[Stored items]
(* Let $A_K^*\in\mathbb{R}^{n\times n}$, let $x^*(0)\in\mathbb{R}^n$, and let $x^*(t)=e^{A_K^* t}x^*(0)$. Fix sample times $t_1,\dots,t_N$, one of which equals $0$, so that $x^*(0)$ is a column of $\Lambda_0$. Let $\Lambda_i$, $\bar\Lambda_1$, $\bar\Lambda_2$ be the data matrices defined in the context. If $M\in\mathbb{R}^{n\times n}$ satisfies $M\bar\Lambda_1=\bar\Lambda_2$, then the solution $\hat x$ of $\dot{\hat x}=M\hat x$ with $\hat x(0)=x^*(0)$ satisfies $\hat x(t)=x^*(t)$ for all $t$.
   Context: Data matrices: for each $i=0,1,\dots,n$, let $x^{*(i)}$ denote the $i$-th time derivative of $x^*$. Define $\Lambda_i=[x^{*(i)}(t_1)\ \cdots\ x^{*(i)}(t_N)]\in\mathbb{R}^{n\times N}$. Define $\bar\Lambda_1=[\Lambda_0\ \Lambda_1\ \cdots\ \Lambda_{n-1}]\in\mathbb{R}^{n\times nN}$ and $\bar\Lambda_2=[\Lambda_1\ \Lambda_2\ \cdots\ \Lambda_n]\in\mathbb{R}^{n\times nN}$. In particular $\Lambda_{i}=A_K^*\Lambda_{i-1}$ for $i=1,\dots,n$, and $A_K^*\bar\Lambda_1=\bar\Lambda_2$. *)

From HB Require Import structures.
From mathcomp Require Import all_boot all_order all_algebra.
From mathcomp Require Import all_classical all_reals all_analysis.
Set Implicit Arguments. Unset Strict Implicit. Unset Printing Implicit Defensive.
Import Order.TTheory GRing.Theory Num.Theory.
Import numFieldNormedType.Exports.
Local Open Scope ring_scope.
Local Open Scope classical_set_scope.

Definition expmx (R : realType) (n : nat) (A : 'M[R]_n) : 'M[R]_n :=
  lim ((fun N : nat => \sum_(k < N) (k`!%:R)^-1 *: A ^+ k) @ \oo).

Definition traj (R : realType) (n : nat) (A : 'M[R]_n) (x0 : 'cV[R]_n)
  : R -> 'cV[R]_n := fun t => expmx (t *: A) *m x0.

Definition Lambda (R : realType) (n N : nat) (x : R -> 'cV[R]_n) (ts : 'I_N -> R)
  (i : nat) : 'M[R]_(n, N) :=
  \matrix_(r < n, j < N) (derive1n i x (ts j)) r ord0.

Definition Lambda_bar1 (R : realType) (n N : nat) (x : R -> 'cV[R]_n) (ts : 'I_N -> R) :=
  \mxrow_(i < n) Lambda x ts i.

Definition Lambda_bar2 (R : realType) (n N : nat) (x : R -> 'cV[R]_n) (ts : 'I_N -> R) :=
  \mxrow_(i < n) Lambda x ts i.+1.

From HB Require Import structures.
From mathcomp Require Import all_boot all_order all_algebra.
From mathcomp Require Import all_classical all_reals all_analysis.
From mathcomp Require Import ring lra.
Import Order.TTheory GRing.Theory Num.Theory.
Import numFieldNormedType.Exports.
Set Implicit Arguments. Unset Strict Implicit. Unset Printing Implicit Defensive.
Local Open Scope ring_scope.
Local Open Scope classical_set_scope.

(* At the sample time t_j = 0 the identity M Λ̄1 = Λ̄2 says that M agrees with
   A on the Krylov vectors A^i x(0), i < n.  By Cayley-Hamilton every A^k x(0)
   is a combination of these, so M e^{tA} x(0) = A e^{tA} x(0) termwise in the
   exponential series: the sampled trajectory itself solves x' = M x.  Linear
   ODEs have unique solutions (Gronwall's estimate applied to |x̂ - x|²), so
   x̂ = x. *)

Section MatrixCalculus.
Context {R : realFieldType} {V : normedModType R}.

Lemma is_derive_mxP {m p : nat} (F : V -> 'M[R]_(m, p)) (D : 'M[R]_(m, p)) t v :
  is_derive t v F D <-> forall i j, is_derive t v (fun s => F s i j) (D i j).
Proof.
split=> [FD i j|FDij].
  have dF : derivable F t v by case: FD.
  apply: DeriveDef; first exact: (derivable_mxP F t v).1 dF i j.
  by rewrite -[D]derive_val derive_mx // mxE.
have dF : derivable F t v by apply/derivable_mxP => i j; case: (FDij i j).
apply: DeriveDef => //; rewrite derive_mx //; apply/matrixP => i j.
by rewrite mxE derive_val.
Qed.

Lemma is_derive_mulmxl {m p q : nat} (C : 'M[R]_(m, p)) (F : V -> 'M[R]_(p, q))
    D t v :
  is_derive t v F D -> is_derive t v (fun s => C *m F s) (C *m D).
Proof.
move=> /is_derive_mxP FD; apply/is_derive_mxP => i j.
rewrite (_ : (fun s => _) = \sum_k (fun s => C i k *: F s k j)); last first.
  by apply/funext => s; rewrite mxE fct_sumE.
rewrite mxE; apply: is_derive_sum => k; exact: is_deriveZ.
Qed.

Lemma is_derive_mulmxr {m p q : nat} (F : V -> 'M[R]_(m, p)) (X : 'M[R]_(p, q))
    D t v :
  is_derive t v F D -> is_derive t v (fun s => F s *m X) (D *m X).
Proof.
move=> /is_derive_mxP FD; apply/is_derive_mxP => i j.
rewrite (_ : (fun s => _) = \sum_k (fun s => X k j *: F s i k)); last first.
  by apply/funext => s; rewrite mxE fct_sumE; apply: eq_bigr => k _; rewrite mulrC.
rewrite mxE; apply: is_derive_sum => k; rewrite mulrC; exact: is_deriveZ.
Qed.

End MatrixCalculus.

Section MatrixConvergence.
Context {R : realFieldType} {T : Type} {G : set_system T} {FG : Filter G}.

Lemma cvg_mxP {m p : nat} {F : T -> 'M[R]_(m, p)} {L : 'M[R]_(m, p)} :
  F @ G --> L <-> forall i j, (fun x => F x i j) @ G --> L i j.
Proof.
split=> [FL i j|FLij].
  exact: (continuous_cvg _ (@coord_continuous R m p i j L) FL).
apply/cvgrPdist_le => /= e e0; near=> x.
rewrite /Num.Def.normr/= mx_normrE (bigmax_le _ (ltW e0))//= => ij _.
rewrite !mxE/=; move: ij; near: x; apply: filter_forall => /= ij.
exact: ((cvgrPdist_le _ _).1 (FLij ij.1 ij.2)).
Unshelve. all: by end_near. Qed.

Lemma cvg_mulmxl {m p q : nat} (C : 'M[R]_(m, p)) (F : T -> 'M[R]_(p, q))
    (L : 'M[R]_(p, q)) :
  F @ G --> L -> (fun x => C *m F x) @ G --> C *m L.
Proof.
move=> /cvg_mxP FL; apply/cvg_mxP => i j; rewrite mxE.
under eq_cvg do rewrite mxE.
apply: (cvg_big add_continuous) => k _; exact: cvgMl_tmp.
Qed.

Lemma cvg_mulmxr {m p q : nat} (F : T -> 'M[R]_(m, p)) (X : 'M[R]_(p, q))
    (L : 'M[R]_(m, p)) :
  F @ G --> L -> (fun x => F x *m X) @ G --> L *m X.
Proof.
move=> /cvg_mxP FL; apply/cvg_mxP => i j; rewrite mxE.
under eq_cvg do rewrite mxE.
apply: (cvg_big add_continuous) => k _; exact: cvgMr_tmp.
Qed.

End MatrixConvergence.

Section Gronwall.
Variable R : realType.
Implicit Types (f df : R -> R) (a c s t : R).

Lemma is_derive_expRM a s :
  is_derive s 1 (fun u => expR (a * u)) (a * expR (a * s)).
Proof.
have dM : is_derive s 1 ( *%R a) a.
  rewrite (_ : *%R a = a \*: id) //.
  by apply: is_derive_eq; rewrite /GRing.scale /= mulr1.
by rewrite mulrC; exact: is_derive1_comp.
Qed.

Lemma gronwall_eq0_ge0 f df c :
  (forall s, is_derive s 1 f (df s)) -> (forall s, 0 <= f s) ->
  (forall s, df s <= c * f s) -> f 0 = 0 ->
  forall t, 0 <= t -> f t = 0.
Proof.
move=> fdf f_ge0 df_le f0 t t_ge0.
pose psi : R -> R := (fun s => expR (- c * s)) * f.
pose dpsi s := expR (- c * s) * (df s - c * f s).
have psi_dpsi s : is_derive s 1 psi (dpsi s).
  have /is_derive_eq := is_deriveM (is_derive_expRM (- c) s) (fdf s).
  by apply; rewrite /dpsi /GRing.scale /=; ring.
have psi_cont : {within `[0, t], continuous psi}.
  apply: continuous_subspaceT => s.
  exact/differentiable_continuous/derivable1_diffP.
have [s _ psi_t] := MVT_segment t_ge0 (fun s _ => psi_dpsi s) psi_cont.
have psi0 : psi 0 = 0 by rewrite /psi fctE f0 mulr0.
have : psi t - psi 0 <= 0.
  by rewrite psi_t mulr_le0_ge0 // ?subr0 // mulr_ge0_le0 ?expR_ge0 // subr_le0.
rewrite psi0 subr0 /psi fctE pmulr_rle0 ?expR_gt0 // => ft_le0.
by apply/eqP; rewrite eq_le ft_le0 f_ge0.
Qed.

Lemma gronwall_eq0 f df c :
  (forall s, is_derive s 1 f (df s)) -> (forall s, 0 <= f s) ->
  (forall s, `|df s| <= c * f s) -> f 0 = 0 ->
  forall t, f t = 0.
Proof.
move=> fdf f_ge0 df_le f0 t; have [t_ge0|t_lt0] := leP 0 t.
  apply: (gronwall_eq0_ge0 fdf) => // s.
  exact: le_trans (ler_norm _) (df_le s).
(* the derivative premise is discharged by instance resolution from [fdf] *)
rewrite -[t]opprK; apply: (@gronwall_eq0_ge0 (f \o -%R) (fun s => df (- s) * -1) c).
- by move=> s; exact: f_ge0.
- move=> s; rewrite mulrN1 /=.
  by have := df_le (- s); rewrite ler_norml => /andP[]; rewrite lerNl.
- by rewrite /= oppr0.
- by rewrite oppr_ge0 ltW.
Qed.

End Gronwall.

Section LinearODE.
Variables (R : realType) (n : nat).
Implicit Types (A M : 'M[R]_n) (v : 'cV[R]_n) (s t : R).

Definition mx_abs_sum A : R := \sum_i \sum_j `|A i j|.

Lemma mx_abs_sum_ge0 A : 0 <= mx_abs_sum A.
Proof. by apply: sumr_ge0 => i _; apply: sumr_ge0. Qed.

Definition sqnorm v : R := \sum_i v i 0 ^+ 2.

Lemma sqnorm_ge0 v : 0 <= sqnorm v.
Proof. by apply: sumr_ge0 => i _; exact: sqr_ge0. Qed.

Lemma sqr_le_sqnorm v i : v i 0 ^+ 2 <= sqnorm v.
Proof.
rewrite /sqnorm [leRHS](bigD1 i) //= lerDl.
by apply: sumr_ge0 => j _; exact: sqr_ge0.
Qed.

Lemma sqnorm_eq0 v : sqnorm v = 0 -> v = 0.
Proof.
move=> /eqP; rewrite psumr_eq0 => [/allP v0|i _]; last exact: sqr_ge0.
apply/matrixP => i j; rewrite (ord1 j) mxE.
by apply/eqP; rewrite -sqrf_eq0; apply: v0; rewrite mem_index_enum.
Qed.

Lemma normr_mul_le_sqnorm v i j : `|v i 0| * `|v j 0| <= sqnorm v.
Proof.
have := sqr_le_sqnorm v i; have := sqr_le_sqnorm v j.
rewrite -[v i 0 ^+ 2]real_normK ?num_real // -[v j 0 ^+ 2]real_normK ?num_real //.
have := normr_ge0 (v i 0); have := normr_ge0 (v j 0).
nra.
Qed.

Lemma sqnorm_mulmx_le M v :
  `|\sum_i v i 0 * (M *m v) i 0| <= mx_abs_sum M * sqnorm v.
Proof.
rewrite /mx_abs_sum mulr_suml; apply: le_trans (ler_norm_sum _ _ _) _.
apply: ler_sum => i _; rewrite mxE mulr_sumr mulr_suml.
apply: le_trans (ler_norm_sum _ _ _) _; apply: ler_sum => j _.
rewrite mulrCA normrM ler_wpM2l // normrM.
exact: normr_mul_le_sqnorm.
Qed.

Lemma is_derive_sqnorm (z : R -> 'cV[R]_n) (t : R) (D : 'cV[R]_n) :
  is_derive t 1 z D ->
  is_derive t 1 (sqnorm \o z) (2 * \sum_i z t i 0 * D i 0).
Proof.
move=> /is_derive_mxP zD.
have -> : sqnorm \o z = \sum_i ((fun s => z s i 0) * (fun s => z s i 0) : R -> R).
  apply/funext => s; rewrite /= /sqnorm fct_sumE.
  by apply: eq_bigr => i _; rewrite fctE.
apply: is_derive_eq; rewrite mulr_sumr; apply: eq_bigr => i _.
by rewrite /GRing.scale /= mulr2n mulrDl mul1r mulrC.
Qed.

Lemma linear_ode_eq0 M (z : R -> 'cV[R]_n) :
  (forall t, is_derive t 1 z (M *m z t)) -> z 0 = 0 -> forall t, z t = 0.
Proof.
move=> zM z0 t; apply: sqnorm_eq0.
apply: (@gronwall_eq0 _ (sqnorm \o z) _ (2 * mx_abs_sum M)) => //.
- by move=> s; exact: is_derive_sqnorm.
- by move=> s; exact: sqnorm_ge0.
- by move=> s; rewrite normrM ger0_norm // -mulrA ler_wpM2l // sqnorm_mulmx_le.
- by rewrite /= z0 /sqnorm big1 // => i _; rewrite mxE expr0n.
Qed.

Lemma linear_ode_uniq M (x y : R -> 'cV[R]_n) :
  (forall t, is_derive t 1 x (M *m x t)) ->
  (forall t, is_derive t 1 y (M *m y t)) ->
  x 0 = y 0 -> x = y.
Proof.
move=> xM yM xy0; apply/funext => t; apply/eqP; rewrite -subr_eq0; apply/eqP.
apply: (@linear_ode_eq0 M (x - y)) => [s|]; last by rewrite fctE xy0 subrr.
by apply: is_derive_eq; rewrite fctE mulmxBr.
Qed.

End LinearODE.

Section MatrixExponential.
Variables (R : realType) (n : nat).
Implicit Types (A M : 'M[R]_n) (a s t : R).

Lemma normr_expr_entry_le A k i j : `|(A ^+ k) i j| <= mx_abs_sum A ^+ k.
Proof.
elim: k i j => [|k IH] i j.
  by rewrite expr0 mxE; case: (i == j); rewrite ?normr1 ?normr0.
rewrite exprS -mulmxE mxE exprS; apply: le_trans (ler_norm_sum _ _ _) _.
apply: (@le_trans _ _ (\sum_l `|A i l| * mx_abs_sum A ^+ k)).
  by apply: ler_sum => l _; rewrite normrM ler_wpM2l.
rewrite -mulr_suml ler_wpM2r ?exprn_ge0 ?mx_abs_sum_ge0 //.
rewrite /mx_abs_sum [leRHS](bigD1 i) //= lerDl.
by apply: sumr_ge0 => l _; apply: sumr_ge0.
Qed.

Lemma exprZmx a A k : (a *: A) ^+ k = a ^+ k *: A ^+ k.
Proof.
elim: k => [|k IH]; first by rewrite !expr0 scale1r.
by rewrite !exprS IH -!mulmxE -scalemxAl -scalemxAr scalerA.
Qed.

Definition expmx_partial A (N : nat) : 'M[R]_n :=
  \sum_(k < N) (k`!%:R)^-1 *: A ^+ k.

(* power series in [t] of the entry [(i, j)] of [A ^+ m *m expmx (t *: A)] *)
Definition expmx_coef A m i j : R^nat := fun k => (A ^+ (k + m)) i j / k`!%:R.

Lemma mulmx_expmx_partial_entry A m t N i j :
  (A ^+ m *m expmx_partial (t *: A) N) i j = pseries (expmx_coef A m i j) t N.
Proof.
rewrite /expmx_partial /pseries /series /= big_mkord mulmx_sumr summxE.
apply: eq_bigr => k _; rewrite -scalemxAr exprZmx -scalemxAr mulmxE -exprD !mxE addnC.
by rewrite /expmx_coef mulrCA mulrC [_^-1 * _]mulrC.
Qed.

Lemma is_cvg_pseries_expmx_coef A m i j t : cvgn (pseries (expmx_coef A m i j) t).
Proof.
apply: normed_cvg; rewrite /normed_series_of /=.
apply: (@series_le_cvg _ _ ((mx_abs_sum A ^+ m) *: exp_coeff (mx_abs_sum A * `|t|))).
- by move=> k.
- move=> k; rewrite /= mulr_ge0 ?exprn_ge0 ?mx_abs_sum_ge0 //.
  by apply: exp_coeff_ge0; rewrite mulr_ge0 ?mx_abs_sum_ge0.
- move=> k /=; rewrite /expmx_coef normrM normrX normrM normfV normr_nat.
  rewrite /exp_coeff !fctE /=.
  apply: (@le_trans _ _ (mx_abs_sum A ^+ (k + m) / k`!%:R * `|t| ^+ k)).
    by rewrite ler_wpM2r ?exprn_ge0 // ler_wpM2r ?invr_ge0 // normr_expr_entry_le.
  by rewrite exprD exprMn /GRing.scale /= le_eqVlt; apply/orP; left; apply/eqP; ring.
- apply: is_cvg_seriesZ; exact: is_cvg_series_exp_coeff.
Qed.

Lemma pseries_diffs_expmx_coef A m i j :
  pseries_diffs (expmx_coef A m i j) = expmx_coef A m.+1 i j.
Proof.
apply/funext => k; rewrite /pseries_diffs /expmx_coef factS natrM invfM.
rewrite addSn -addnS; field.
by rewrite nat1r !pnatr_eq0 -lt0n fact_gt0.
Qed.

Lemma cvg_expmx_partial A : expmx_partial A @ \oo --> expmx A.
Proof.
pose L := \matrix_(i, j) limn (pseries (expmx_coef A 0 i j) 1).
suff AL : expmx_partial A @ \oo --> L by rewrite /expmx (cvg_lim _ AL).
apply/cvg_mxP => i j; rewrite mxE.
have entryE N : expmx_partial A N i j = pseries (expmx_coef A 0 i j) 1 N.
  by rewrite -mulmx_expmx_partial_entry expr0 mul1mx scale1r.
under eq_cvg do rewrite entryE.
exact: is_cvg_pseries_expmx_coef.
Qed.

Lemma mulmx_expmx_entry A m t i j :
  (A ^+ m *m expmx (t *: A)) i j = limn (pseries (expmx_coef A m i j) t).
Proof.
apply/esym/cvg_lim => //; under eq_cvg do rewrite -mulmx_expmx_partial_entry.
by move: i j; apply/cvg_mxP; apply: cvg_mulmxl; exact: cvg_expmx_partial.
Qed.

**EXERCISE OBJECTIVE:** Copy the records above exactly, beginning at the line that contains "by rewrite ler_wpM2r" and stopping after the line that contains "have entryE N".

**SOLUTION TO THE PROBLEM:**
    by rewrite ler_wpM2r ?exprn_ge0 // ler_wpM2r ?invr_ge0 // normr_expr_entry_le.
  by rewrite exprD exprMn /GRing.scale /= le_eqVlt; apply/orP; left; apply/eqP; ring.
- apply: is_cvg_seriesZ; exact: is_cvg_series_exp_coeff.
Qed.

Lemma pseries_diffs_expmx_coef A m i j :
  pseries_diffs (expmx_coef A m i j) = expmx_coef A m.+1 i j.
Proof.
apply/funext => k; rewrite /pseries_diffs /expmx_coef factS natrM invfM.
rewrite addSn -addnS; field.
by rewrite nat1r !pnatr_eq0 -lt0n fact_gt0.
Qed.

Lemma cvg_expmx_partial A : expmx_partial A @ \oo --> expmx A.
Proof.
pose L := \matrix_(i, j) limn (pseries (expmx_coef A 0 i j) 1).
suff AL : expmx_partial A @ \oo --> L by rewrite /expmx (cvg_lim _ AL).
apply/cvg_mxP => i j; rewrite mxE.
have entryE N : expmx_partial A N i j = pseries (expmx_coef A 0 i j) 1 N.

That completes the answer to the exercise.